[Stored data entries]
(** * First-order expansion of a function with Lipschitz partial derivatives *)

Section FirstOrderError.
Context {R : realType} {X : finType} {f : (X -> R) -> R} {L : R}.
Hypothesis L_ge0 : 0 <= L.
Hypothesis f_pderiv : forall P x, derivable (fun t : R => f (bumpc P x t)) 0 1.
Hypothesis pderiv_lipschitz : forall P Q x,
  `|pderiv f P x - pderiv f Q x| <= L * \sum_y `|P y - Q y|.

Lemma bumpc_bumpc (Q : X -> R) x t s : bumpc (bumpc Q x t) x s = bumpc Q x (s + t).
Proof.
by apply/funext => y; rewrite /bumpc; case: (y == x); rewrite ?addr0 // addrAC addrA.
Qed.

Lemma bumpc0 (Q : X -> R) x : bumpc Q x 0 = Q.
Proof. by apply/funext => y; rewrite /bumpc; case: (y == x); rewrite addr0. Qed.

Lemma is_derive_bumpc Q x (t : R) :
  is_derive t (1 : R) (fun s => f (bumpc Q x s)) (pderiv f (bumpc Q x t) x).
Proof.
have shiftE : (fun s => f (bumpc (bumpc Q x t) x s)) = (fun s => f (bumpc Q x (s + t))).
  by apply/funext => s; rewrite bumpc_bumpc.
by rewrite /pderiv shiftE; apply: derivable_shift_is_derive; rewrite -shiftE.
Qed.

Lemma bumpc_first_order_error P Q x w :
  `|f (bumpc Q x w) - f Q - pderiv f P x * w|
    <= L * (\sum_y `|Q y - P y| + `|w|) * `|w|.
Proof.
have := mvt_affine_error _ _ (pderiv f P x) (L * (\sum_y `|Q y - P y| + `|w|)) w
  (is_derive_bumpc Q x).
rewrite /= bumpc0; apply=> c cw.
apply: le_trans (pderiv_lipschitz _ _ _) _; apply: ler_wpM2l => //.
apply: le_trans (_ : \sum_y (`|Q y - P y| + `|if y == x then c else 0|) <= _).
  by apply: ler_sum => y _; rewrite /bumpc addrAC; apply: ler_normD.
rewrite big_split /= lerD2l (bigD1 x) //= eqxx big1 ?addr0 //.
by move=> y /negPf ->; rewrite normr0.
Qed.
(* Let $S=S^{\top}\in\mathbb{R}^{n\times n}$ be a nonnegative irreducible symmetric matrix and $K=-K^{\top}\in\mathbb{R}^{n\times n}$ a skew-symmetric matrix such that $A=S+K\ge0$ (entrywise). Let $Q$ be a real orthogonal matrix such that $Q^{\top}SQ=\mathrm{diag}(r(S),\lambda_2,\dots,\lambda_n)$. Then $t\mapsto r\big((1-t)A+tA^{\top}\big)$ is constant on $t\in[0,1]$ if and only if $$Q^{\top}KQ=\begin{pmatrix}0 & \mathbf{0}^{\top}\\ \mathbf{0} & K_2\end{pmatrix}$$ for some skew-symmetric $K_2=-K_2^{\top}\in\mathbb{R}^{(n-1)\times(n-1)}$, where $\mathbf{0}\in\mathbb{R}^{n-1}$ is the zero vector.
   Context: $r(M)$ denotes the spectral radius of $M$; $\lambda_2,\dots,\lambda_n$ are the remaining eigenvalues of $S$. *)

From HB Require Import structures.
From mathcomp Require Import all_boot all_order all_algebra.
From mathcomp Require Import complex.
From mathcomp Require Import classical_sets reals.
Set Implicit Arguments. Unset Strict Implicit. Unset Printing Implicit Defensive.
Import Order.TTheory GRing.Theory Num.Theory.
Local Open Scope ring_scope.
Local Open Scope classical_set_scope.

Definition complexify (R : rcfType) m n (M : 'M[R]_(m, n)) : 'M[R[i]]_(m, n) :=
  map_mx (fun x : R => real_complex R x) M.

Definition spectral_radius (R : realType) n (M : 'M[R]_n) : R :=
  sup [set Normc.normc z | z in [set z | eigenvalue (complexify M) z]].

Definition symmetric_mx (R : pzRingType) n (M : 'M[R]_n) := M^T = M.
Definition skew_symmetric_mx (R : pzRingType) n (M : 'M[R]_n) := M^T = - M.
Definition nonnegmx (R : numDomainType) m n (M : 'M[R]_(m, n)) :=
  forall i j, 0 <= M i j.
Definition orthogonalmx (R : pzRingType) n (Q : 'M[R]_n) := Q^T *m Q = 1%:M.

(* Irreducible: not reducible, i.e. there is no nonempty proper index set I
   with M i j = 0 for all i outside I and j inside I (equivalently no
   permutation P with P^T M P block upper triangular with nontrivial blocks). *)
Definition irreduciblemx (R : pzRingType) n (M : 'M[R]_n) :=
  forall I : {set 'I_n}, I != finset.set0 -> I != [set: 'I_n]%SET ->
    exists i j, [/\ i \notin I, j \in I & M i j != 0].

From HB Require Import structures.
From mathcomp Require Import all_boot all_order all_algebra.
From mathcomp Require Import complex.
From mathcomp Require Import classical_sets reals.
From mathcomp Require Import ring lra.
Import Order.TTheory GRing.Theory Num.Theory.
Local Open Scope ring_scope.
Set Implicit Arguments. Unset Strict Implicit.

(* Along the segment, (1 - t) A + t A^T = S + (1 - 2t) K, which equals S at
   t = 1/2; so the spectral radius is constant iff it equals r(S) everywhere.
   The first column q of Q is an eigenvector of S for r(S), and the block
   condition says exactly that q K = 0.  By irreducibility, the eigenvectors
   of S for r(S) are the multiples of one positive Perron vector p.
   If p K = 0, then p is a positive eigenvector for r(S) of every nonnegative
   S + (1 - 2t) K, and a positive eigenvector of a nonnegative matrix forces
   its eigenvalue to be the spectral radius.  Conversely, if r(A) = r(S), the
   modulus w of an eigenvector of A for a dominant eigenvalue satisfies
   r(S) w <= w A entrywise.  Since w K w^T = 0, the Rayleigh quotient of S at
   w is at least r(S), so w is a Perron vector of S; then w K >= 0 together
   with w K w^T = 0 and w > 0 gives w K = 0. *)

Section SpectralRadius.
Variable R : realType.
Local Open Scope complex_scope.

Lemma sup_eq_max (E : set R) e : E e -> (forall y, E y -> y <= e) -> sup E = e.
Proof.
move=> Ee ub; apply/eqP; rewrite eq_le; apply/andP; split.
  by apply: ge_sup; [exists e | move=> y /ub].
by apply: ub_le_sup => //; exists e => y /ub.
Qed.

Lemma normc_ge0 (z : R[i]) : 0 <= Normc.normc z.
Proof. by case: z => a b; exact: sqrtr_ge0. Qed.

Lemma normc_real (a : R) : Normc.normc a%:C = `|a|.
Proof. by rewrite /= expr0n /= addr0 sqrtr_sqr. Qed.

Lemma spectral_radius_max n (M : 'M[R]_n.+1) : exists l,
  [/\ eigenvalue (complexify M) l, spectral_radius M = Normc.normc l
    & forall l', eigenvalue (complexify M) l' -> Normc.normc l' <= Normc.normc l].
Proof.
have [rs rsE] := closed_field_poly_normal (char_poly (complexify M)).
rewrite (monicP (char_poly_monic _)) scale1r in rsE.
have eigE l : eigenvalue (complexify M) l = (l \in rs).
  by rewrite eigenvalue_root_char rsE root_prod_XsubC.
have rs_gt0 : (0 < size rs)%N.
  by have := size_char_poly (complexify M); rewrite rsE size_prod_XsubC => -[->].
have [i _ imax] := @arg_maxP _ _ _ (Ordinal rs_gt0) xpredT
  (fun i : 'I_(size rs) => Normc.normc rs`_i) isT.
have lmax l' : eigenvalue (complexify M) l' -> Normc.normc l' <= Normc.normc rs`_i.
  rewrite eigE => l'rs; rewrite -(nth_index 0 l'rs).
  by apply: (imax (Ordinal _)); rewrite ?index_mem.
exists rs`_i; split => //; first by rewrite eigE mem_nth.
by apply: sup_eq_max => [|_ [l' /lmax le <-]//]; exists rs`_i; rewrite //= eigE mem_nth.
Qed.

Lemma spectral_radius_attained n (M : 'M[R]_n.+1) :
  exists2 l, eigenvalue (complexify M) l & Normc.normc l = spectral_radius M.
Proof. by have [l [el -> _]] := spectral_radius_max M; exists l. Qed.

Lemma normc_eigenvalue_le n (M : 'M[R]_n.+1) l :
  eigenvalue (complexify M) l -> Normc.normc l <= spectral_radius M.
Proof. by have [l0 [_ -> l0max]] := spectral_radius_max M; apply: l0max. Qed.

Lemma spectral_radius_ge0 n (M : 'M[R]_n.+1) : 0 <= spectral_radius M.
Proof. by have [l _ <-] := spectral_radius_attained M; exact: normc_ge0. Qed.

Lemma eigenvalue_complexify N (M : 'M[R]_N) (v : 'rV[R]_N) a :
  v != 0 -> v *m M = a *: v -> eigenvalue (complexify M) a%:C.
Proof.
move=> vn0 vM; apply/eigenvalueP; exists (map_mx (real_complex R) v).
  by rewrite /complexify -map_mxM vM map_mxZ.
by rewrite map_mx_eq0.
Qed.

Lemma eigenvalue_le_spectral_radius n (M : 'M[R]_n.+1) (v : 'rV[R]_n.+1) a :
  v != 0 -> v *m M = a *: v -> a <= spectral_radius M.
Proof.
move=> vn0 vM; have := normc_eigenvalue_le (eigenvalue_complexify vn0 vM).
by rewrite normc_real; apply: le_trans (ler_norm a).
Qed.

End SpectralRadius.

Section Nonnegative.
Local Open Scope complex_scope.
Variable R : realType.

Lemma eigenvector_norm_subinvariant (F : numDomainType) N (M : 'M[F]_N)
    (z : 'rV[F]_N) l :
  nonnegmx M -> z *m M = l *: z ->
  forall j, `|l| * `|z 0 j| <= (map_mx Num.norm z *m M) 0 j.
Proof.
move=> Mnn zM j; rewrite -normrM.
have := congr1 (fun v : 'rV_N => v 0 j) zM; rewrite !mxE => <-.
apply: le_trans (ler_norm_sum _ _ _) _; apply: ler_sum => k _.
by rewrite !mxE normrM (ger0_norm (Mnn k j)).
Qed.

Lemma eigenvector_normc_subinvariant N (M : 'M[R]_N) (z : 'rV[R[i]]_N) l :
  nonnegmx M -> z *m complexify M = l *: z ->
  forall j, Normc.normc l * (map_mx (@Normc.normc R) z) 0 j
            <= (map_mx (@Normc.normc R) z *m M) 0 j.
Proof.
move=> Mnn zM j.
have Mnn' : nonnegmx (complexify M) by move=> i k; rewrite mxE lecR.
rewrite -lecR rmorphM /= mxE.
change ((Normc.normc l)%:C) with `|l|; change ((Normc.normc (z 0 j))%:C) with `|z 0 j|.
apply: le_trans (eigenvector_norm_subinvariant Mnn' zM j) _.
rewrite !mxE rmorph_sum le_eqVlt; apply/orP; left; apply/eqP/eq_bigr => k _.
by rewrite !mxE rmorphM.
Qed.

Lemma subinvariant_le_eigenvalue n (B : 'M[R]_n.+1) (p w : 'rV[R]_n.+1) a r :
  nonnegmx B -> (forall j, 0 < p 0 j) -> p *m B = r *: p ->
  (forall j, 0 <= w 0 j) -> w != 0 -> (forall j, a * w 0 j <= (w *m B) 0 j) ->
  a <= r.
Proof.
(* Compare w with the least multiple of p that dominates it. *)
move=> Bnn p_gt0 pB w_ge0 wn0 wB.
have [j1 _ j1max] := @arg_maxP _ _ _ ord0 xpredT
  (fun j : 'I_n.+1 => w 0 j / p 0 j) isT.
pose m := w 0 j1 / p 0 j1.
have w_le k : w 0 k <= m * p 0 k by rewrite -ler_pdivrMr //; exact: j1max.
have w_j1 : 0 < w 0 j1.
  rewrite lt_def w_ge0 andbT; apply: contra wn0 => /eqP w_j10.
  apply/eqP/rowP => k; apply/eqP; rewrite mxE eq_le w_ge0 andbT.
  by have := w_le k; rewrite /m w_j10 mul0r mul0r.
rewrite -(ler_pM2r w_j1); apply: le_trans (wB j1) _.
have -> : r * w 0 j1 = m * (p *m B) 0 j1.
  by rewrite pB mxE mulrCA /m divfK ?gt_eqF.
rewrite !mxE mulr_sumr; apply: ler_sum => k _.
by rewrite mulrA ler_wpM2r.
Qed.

> **Problem to solve**
From the data above, output exactly the lines between the one containing "Lemma bumpc0 (Q" and the one containing "by apply/funext => s; rewrite bumpc_bumpc.", counting both of them.

> **Output for this exercise**
Lemma bumpc0 (Q : X -> R) x : bumpc Q x 0 = Q.
Proof. by apply/funext => y; rewrite /bumpc; case: (y == x); rewrite addr0. Qed.

Lemma is_derive_bumpc Q x (t : R) :
  is_derive t (1 : R) (fun s => f (bumpc Q x s)) (pderiv f (bumpc Q x t) x).
Proof.
have shiftE : (fun s => f (bumpc (bumpc Q x t) x s)) = (fun s => f (bumpc Q x (s + t))).
  by apply/funext => s; rewrite bumpc_bumpc.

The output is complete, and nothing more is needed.